Information supplied>
* * * *

(* Let $P$ be a regular polygon surface all of whose faces have degree in $\{5,7,8,9,10\}$, and let $f$ be a face of $P$ of degree $n\geq 7$. If $f$ has positive facial curvature, then every vertex incident to $f$ has the form $(5^2,n)$, i.e. has degree three and is incident to exactly two faces of degree five and one face (namely $f$) of degree $n$. Moreover, if $f$ is incident to a vertex with negative vertex curvature, then $f$ has negative facial curvature.
   Context: A regular polygon surface (RPS) is a triple $(\Sigma,\Gamma,\psi)$ where $\Gamma$ is a finite graph embedded in a closed surface $\Sigma$ so that every face (component of $\Sigma\setminus\Gamma$) has closure a closed $2$-cell, the closures of two faces meet in the empty set, a vertex, or an edge, and $\psi:\Sigma\to\mathbb{R}^3$ is continuous and maps each face of degree $k$ (number of incident edges) onto a regular Euclidean $k$-gon with unit edge lengths; the images of two adjacent faces meet in exactly one vertex or exactly one edge with its endpoints. The vertex curvature $k_v$ of a vertex $v$ is $2\pi$ minus the sum, over faces containing $v$, of the interior angle at $v$ of the regular polygon that is the image of that face. The facial curvature of a face $f$ is $k_f=\sum_{v\in f} k_v/d_v$, summing over vertices $v$ incident to $f$, where $d_v$ is the degree of $v$. *)

From HB Require Import structures.
From mathcomp Require Import all_boot all_order all_algebra.
From mathcomp Require Import reals trigo.
Set Implicit Arguments. Unset Strict Implicit. Unset Printing Implicit Defensive.
Import Order.TTheory GRing.Theory Num.Theory.
Local Open Scope ring_scope.

(* Combinatorial model of the embedded graph Gamma in the closed surface Sigma:
   V = vertices, F = faces, bnd f = the boundary cycle of (the closure of) face f,
   listed as a cyclic sequence of vertices. *)

Section RPS.
Variables (V F : finType) (bnd : F -> seq V).

Definition fedge (f : F) (x y : V) : bool :=
  [&& x \in bnd f, y \in bnd f & (next (bnd f) x == y) || (next (bnd f) y == x)].

Definition is_edge (x y : V) : bool := [exists g, fedge g x y].

Definition fdeg (f : F) : nat := size (bnd f).

Definition vdeg (v : V) : nat := #|[set w | is_edge v w]|.

Definition link_adj (v : V) (f g : F) : bool :=
  [&& f != g, v \in bnd f, v \in bnd g & [exists w, fedge f v w && fedge g v w]].

Definition face_touch (f g : F) : bool := [exists v, (v \in bnd f) && (v \in bnd g)].

(* Combinatorial conditions: Gamma cellularly embedded in a closed (connected)
   surface, every face a closed 2-cell (simple boundary cycle), closures of two
   distinct faces meet in empty set, a vertex, or an edge. *)
Definition comb_surface : Prop :=
  [/\ (forall f, uniq (bnd f) /\ (3 <= size (bnd f))%N),
      (forall v, exists f, v \in bnd f),
      (forall x y, is_edge x y -> #|[set g | fedge g x y]| = 2),
      (forall v f g, v \in bnd f -> v \in bnd g -> connect (link_adj v) f g) &
      ((forall f g, connect face_touch f g) /\
      (forall f g, f != g ->
         let S := [set v | (v \in bnd f) && (v \in bnd g)] in
         (#|S| <= 2)%N /\
         (forall x y, x \in S -> y \in S -> x != y -> fedge f x y && fedge g x y)))].

End RPS.

Section Geometry.
Variable R : realType.
Local Notation pt := 'rV[R]_3.

Definition dot (u w : pt) : R := \sum_(i < 3) u 0 i * w 0 i.

(* p_0, ..., p_(k-1) (in this cyclic order) are the vertices of a regular
   Euclidean k-gon with unit edge lengths *)
Definition regular_unit_polygon (s : seq pt) : Prop :=
  let k := size s in
  exists (c e1 e2 : pt) (t0 : R),
    [/\ dot e1 e1 = 1, dot e2 e2 = 1, dot e1 e2 = 0 &
      forall j : nat, (j < k)%N ->
        nth 0 s j = c + (2 * sin (pi / k%:R))^-1 *:
          (cos (t0 + 2 * pi * j%:R / k%:R) *: e1 +
           sin (t0 + 2 * pi * j%:R / k%:R) *: e2)].

Definition in_conv (s : seq pt) (x : pt) : Prop :=
  exists l : nat -> R,
    [/\ forall i, 0 <= l i,
        \sum_(i < size s) l i = 1 &
        x = \sum_(i < size s) l i *: nth 0 s i].

Variables (V F : finType) (bnd : F -> seq V).

(* psi restricted to the vertices; the image of a face is the (closed) regular
   polygon spanned by the images of its boundary vertices *)
Definition is_RPS (psi : V -> pt) : Prop :=
  [/\ comb_surface bnd,
      (forall f, regular_unit_polygon (map psi (bnd f))) &
      (forall f g, f != g -> face_touch bnd f g ->
         forall x, (in_conv (map psi (bnd f)) x /\ in_conv (map psi (bnd g)) x)
                   <-> in_conv (map psi [seq v <- bnd f | v \in bnd g]) x)].

Definition int_angle (k : nat) : R := (k%:R - 2) * pi / k%:R.

Definition vertex_curv (v : V) : R :=
  2 * pi - \sum_(g : F | v \in bnd g) int_angle (fdeg bnd g).

Definition face_curv (f : F) : R :=
  \sum_(v : V | v \in bnd f) vertex_curv v / (vdeg bnd v)%:R.

End Geometry.

Definition form_55n (V F : finType) (bnd : F -> seq V) (v : V) (n : nat) : Prop :=
  [/\ vdeg bnd v = 3%N,
      #|[set g | (v \in bnd g) && (fdeg bnd g == 5%N)]| = 2%N &
      #|[set g | (v \in bnd g) && (fdeg bnd g == n)]| = 1%N].

(* The face angles at a vertex are angles between unit edge vectors, so Gram
   inequalities |sum_i l_i e_i|^2 >= 0 constrain them.  At a vertex with three
   faces, one of them a face f of degree n >= 7, they exclude a second face of
   degree at least 7 (cos (2 pi / 5) >= 0.3 and cos (2 pi / 7) >= 0.62), so the
   vertex is of type (5^2, n) and has curvature 4 pi / 5 - I >= 0, where
   I = (n - 2) pi / n and n <= 10.  A vertex of f with d >= 4 faces
   contributes at most (13 pi / 5 - I) / d - 3 pi / 5 to the facial curvature
   of f, and a vertex of type (5^2, n) exactly this amount with d = 3; hence
   one vertex with d >= 4 makes the facial curvature negative, unless n = 7
   and d = 4.  In that case
   the two neighbours of the vertex on f cannot both be of type (5^2, 7): the
   linear recurrence between consecutive vertices of a regular polygon
   expresses all edges around them through four unit vectors whose Gram
   inequality fails. *)

From mathcomp Require Import all_boot all_order all_algebra.
From mathcomp Require Import reals trigo.
From mathcomp Require Import zify ring lra.
Set Implicit Arguments. Unset Strict Implicit. Unset Printing Implicit Defensive.
Import Order.TTheory GRing.Theory Num.Theory.

Section CycleNeighbours.
Variable T : eqType.
Implicit Types (p : seq T) (x : T).

Definition cyc_succ (k i : nat) : nat := if i.+1 == k then 0 else i.+1.
Definition cyc_pred (k i : nat) : nat := if i == 0 then k.-1 else i.-1.

Lemma cyc_succ_lt k i : i < k -> cyc_succ k i < k.
Proof. by rewrite /cyc_succ; case: eqP; lia. Qed.

Lemma cyc_pred_lt k i : i < k -> cyc_pred k i < k.
Proof. by rewrite /cyc_pred; case: eqP; lia. Qed.

Lemma next_cyc_succ p x : x \in p -> next p x = nth x p (cyc_succ (size p) (index x p)).
Proof.
move=> xp; rewrite next_nth xp; case: p xp => [//|y p] xp.
have := xp; rewrite -index_mem /cyc_succ => ilt.
case: eqP => [/eqP|ne]; first by rewrite eqSS => /eqP ->; rewrite /= nth_default.
by rewrite [RHS]/=; apply: set_nth_default; move: ilt ne => /=; lia.
Qed.

Lemma prev_cyc_pred p x : uniq p -> x \in p ->
  prev p x = nth x p (cyc_pred (size p) (index x p)).
Proof.
move=> up xp; rewrite prev_nth xp; case: p up xp => [//|y p] /= /andP[yp _] xp.
rewrite /cyc_pred /=; have [<-|yx] := eqVneq y x.
  by rewrite memNindex.
by apply: set_nth_default; rewrite /= ltnS index_size.
Qed.

Lemma next_prev_neq p x : uniq p -> x \in p -> 2 < size p ->
  [/\ next p x != x, prev p x != x & next p x != prev p x].
Proof.
move=> up xp p3; rewrite next_cyc_succ // prev_cyc_pred //.
set i := index x p; have ip : i < size p by rewrite index_mem.
have {2 4}-> : x = nth x p i by rewrite nth_index.
rewrite !nth_uniq ?cyc_succ_lt ?cyc_pred_lt //.
by rewrite /cyc_succ /cyc_pred; split; repeat case: ifP => /eqP ?; lia.
Qed.

End CycleNeighbours.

* * * *

Directions>
Begin with the line that has "[/\ vdeg bnd" in the listing above and end after the line that has "inequalities |sum_i l_i"; output those lines exactly.

Finished exercise>
  [/\ vdeg bnd v = 3%N,
      #|[set g | (v \in bnd g) && (fdeg bnd g == 5%N)]| = 2%N &
      #|[set g | (v \in bnd g) && (fdeg bnd g == n)]| = 1%N].

(* The face angles at a vertex are angles between unit edge vectors, so Gram
   inequalities |sum_i l_i e_i|^2 >= 0 constrain them.  At a vertex with three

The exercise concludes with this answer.